(Stored data)
BEGIN

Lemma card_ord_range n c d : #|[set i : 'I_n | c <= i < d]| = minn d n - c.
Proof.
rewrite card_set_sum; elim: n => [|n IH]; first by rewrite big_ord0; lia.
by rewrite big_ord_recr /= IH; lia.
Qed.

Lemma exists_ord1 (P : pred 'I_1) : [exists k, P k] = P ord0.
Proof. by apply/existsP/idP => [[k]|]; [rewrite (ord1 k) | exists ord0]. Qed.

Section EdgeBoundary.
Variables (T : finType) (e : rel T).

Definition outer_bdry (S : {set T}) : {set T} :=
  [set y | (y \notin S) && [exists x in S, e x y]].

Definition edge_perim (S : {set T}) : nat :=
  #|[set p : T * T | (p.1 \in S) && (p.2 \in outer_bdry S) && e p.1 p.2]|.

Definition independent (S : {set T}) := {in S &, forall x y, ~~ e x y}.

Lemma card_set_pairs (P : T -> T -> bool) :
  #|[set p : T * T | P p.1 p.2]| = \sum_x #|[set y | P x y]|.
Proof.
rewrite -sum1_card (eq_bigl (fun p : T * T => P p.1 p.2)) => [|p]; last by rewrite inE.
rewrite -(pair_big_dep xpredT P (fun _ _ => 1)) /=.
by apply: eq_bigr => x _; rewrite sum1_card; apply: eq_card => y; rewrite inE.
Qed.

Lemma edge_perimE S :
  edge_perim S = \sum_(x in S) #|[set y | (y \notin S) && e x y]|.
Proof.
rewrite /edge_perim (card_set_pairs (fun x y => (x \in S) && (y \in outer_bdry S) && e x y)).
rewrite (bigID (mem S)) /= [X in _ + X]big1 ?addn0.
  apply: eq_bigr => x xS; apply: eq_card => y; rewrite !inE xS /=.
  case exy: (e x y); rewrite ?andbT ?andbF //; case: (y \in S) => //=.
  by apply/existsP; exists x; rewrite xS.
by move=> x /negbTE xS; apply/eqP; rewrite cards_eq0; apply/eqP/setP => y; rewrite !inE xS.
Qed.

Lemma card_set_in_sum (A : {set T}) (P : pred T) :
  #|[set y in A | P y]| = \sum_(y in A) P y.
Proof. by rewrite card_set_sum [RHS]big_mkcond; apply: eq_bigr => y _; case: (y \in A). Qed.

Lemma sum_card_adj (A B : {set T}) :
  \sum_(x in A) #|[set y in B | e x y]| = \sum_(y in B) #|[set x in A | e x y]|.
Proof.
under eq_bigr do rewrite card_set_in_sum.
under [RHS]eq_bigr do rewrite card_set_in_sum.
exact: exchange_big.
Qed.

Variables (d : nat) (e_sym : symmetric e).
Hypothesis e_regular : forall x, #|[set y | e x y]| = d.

END
BEGIN

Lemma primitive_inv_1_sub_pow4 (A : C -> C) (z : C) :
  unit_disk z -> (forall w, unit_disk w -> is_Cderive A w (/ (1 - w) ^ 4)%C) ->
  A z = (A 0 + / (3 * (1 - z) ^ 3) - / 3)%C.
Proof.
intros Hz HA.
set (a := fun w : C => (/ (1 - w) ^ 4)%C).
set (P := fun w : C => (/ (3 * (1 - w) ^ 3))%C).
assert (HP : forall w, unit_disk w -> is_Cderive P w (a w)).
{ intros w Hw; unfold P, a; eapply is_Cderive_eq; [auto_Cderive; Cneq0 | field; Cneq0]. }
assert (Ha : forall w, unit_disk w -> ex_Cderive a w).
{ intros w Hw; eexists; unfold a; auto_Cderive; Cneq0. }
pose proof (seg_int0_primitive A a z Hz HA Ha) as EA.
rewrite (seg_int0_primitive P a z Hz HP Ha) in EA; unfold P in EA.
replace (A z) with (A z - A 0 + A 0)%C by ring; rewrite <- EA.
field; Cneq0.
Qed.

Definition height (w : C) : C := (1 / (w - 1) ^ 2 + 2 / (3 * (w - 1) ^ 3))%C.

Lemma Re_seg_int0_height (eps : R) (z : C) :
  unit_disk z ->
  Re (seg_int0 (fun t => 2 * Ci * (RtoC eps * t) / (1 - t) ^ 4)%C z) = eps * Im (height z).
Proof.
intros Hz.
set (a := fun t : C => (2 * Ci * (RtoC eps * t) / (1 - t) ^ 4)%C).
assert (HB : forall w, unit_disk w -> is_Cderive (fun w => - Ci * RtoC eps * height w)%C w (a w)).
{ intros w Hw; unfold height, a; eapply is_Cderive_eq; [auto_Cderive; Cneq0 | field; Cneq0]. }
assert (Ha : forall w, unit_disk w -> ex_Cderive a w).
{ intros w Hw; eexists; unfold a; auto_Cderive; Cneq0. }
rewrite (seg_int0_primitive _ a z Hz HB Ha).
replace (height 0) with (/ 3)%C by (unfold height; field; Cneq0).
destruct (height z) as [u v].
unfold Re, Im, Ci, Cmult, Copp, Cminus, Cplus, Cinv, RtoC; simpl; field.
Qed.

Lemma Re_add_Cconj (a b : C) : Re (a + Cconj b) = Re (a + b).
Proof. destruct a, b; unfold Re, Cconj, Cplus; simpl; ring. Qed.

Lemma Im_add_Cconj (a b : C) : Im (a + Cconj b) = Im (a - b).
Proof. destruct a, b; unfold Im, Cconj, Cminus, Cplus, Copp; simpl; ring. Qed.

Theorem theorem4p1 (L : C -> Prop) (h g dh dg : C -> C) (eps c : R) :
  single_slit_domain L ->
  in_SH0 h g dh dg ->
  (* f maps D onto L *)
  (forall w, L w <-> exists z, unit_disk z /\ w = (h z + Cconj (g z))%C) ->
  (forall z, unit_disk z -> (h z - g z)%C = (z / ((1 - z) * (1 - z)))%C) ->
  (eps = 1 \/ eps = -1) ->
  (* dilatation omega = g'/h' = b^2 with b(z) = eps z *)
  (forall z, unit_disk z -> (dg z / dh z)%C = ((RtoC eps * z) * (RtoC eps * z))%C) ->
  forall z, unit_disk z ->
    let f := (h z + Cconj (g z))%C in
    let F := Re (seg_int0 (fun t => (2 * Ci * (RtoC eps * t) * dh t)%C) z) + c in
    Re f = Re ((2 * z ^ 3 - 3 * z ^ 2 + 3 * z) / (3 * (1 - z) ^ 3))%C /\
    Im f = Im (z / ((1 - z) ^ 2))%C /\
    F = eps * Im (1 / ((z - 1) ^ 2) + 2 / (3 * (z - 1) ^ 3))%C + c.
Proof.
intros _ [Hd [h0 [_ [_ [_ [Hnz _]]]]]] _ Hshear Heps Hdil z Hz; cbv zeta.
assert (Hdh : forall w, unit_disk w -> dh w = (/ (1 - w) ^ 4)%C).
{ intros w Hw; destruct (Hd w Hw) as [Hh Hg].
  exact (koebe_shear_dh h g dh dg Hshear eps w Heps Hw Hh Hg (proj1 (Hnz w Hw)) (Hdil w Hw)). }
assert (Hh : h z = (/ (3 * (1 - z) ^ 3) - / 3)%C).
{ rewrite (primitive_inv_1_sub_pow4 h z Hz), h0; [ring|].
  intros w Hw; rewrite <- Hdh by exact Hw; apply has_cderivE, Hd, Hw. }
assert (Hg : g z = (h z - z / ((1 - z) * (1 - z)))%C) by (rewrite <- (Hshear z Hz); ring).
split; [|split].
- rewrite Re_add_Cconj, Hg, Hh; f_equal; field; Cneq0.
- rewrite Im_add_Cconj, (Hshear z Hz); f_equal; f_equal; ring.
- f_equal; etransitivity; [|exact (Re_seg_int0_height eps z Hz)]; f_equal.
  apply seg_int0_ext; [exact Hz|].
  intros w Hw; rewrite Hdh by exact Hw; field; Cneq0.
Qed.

END

| EXERCISE DETAILS |
One stretch of the lines above is wanted, from the line that contains "set (a := fun t" through the line that contains "replace (height 0)". Output it exactly.

| REPLY TO THE TASK |
set (a := fun t : C => (2 * Ci * (RtoC eps * t) / (1 - t) ^ 4)%C).
assert (HB : forall w, unit_disk w -> is_Cderive (fun w => - Ci * RtoC eps * height w)%C w (a w)).
{ intros w Hw; unfold height, a; eapply is_Cderive_eq; [auto_Cderive; Cneq0 | field; Cneq0]. }
assert (Ha : forall w, unit_disk w -> ex_Cderive a w).
{ intros w Hw; eexists; unfold a; auto_Cderive; Cneq0. }
rewrite (seg_int0_primitive _ a z Hz HB Ha).
replace (height 0) with (/ 3)%C by (unfold height; field; Cneq0).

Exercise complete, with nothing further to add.